**Problem requirements**
Search the data for the string "with", and report each line where it is found.

**Records shown**
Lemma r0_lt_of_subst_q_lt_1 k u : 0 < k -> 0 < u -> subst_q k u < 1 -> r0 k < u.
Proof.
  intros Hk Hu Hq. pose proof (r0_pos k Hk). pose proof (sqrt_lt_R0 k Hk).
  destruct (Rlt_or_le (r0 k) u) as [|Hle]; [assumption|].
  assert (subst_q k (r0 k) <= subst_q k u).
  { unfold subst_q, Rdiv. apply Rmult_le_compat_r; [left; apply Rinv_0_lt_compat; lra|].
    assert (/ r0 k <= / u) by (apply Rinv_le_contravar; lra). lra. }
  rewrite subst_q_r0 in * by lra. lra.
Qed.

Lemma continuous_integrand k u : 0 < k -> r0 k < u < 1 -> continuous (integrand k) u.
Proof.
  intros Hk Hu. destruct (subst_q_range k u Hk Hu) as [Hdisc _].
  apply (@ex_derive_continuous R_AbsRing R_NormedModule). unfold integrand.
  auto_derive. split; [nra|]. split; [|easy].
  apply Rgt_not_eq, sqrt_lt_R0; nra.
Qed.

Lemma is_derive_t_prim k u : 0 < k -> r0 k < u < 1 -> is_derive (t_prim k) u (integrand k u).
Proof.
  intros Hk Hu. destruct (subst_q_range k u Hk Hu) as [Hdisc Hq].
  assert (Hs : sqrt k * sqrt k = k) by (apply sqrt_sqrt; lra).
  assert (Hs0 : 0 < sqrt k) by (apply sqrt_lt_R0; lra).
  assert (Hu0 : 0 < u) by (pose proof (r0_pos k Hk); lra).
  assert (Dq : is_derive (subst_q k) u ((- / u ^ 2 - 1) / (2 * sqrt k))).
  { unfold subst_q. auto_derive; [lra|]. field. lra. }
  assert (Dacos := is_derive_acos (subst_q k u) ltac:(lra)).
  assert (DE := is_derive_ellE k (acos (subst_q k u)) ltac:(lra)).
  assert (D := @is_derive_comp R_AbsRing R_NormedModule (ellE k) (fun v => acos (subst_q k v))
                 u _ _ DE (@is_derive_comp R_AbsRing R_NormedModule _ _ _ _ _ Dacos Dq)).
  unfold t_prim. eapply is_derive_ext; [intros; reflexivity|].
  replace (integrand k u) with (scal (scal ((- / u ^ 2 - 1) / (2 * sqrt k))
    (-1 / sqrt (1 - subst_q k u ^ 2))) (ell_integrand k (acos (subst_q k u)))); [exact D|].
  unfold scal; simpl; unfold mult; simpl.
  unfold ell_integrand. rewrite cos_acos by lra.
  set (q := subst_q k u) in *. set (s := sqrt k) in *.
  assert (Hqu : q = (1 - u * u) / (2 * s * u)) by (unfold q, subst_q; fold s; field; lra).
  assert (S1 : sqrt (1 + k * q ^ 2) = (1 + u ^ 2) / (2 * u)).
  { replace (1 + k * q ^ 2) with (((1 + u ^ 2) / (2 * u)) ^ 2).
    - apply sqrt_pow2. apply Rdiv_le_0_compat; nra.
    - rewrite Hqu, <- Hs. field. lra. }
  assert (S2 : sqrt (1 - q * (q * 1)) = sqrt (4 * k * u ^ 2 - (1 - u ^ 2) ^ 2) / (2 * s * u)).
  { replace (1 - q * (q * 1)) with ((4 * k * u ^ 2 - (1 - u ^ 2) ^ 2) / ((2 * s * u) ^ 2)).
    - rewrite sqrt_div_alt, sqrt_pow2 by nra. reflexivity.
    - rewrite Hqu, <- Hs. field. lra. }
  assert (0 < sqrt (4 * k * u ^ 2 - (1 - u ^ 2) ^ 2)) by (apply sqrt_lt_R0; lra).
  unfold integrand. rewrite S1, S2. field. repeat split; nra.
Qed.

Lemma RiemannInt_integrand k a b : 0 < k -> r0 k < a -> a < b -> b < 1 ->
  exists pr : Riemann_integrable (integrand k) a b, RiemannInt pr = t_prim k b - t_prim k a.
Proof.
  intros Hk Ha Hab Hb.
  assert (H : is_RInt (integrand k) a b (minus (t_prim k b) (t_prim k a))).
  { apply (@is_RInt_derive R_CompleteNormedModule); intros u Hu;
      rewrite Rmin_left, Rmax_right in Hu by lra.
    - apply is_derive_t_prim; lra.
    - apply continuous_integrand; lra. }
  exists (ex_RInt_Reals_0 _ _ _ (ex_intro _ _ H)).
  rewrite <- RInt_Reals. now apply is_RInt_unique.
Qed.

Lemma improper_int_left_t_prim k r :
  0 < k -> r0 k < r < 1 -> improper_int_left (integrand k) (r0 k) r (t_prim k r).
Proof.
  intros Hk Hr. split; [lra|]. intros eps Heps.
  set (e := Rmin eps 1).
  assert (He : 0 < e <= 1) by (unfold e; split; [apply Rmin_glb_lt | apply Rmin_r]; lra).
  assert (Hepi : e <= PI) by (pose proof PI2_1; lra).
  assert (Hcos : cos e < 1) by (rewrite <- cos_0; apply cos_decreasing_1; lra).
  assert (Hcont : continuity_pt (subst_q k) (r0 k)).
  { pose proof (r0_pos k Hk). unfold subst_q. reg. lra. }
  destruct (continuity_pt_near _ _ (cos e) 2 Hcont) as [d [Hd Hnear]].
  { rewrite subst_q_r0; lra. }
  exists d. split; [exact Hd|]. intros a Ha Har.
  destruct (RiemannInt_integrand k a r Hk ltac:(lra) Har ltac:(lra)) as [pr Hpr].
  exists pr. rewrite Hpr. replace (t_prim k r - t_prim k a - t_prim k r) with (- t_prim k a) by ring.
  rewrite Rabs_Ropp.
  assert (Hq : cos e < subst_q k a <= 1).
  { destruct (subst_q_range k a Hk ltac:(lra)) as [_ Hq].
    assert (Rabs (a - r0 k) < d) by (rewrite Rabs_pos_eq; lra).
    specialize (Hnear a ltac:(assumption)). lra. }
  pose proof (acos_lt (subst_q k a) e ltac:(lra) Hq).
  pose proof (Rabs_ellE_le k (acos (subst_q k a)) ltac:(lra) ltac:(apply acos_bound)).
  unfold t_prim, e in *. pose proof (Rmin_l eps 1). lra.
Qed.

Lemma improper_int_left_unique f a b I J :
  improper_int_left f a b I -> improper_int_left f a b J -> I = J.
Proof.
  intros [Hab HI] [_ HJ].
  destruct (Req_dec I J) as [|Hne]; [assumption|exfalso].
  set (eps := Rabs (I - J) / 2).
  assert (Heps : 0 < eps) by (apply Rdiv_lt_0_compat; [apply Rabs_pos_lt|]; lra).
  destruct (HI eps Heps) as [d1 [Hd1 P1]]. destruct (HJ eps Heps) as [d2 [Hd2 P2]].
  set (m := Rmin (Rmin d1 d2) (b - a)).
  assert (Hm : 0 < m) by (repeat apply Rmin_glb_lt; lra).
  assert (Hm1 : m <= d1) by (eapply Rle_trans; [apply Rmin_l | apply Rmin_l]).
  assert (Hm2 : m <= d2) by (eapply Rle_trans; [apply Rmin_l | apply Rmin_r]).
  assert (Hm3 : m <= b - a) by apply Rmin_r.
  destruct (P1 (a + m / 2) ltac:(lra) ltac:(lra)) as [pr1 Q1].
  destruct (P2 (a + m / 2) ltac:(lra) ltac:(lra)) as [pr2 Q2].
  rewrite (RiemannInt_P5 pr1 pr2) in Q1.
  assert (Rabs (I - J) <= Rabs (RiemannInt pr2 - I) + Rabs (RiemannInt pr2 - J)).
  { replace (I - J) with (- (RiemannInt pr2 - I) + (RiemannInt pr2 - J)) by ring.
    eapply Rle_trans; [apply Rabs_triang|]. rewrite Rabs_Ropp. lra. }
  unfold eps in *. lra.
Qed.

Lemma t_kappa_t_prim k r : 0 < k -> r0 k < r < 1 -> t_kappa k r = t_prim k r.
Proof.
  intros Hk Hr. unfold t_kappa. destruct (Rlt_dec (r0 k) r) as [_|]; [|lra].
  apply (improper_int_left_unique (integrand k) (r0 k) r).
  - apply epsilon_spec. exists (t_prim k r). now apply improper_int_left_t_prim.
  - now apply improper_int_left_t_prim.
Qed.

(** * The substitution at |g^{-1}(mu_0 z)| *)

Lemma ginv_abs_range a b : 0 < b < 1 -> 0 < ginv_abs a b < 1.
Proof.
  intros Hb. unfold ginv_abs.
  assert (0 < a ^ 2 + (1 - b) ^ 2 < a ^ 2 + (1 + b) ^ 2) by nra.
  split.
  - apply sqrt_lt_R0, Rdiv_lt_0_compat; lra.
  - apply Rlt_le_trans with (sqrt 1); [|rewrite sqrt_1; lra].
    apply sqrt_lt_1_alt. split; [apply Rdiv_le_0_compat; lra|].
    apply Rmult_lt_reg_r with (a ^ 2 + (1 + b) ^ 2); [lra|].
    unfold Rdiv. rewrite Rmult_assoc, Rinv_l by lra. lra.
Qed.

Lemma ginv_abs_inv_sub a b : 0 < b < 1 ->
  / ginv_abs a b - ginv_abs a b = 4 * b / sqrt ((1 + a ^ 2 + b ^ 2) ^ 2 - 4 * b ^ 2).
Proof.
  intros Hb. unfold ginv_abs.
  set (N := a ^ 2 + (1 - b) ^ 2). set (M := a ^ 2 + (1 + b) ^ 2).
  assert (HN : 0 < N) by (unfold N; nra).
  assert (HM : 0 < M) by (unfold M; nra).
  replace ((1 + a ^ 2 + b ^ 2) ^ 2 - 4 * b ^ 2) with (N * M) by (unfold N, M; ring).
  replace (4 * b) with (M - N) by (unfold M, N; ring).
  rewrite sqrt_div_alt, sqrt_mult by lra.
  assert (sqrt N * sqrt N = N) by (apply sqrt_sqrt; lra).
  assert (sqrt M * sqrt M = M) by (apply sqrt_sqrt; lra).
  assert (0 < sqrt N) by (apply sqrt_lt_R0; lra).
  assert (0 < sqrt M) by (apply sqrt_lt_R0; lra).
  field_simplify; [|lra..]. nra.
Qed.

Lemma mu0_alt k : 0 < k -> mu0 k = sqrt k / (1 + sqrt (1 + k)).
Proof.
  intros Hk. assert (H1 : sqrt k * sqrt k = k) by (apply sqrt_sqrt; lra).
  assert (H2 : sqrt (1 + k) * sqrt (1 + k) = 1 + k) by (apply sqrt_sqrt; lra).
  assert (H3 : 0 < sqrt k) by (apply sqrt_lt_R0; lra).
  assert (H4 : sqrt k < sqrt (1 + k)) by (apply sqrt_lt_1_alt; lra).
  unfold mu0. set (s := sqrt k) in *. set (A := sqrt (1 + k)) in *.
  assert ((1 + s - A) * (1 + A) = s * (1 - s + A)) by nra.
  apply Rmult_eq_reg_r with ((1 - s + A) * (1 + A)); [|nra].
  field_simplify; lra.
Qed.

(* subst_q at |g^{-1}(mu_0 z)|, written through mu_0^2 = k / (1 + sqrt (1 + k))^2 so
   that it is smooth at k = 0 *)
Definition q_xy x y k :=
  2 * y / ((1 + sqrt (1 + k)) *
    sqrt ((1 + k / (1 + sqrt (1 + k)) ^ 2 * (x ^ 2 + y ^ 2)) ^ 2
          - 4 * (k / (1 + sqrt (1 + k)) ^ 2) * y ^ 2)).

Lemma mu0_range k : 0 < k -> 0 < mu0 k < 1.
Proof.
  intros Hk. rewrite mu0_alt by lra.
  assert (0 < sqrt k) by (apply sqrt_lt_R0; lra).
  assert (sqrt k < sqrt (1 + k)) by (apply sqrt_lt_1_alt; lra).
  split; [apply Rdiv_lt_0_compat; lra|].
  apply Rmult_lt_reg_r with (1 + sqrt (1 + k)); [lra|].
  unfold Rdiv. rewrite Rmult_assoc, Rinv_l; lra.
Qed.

==

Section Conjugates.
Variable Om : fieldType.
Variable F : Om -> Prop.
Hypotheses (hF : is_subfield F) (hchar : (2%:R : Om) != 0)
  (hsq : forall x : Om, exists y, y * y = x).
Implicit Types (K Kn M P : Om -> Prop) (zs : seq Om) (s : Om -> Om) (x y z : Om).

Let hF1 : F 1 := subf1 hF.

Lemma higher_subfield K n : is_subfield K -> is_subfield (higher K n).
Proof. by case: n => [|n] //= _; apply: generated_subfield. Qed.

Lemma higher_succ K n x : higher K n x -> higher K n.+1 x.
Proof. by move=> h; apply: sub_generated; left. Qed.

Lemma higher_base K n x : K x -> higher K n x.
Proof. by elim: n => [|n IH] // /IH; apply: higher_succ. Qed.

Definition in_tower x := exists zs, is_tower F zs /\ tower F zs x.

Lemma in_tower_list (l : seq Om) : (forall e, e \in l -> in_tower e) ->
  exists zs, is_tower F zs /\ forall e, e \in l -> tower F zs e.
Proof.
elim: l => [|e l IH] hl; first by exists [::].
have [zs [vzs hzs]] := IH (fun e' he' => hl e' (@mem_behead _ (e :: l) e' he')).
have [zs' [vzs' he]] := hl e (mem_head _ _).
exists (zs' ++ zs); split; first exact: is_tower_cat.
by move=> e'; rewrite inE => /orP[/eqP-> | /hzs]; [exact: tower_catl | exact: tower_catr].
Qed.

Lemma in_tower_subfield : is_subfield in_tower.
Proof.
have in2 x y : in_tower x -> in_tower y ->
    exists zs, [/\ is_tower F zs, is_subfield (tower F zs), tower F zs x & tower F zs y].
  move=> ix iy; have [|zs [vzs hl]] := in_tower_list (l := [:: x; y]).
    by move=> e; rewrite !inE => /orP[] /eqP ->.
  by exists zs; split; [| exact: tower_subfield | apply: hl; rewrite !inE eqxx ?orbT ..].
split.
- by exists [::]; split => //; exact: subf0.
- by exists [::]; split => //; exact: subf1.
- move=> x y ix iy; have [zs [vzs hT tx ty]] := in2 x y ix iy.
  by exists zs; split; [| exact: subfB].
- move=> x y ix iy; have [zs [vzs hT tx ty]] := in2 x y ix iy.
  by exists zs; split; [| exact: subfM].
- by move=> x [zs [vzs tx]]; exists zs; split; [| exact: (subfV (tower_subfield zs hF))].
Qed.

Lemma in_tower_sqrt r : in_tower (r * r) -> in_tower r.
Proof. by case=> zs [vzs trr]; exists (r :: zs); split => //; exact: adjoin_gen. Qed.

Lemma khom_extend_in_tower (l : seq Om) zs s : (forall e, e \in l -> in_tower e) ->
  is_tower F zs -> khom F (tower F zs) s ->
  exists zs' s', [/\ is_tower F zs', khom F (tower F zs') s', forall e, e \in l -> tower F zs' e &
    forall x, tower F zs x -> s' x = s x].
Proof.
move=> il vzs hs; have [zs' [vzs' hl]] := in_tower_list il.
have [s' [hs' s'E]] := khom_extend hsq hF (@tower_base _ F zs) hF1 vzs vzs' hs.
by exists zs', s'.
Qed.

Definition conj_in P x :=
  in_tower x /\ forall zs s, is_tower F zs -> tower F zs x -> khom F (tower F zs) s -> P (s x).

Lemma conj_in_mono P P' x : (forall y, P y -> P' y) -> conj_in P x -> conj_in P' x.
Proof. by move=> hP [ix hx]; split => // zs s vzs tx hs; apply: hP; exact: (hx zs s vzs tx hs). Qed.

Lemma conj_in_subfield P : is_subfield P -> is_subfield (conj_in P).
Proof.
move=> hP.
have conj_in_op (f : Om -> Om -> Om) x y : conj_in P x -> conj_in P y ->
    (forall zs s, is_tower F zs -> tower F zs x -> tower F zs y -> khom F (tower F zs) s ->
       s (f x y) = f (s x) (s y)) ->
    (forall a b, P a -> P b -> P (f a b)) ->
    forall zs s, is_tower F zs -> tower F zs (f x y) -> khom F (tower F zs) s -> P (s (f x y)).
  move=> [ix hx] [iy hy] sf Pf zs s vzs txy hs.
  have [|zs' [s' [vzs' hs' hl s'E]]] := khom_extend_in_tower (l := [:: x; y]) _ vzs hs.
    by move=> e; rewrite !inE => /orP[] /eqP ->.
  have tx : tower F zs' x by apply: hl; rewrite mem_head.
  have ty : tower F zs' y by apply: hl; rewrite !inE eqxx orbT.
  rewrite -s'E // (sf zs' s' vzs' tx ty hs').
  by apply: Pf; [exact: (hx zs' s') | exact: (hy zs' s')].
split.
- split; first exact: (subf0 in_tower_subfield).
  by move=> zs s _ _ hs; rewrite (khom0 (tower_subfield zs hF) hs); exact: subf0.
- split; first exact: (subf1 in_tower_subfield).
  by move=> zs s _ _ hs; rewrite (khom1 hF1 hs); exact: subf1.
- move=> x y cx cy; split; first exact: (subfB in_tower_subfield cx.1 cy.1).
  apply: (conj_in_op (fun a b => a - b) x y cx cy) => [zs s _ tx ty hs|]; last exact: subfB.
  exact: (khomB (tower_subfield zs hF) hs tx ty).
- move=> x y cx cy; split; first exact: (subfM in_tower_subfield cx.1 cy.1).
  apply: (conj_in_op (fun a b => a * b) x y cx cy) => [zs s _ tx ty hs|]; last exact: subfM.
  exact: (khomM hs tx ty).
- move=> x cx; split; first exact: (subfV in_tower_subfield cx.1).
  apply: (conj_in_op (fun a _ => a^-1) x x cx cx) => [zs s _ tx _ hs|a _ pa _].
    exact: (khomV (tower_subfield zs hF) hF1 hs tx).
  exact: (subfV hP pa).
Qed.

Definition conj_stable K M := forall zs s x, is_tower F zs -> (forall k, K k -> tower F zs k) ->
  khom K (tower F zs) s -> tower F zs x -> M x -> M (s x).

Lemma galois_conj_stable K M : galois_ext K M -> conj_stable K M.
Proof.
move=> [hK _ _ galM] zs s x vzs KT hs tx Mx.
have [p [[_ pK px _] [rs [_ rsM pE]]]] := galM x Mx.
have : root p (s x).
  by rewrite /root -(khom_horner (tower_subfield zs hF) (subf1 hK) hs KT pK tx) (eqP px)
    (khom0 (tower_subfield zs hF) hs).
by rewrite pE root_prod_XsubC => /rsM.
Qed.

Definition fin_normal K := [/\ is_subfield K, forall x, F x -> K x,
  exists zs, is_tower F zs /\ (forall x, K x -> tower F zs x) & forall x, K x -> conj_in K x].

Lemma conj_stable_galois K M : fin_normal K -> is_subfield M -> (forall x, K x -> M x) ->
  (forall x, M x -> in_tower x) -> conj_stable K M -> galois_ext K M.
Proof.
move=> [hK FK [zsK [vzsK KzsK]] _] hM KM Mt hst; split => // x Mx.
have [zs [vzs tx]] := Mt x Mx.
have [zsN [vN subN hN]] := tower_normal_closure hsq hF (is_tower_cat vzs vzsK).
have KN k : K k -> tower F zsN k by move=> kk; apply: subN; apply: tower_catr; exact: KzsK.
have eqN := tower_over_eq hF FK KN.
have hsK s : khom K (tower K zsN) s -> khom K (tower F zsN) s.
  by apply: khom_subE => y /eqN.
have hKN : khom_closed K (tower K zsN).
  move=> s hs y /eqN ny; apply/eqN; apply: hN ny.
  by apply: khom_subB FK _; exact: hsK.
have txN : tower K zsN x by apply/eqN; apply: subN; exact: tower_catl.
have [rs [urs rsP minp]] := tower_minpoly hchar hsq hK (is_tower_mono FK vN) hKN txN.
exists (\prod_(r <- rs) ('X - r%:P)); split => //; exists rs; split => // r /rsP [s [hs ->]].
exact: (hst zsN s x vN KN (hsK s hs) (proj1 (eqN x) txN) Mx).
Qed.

**Solution to this exercise**
  replace (integrand k u) with (scal (scal ((- / u ^ 2 - 1) / (2 * sqrt k))
  { replace (1 + k * q ^ 2) with (((1 + u ^ 2) / (2 * u)) ^ 2).
  { replace (1 - q * (q * 1)) with ((4 * k * u ^ 2 - (1 - u ^ 2) ^ 2) / ((2 * s * u) ^ 2)).
  exists pr. rewrite Hpr. replace (t_prim k r - t_prim k a - t_prim k r) with (- t_prim k a) by ring.
  { replace (I - J) with (- (RiemannInt pr2 - I) + (RiemannInt pr2 - J)) by ring.
  - apply Rlt_le_trans with (sqrt 1); [|rewrite sqrt_1; lra].
    apply Rmult_lt_reg_r with (a ^ 2 + (1 + b) ^ 2); [lra|].
  replace ((1 + a ^ 2 + b ^ 2) ^ 2 - 4 * b ^ 2) with (N * M) by (unfold N, M; ring).
  replace (4 * b) with (M - N) by (unfold M, N; ring).
  apply Rmult_eq_reg_r with ((1 - s + A) * (1 + A)); [|nra].
  apply Rmult_lt_reg_r with (1 + sqrt (1 + k)); [lra|].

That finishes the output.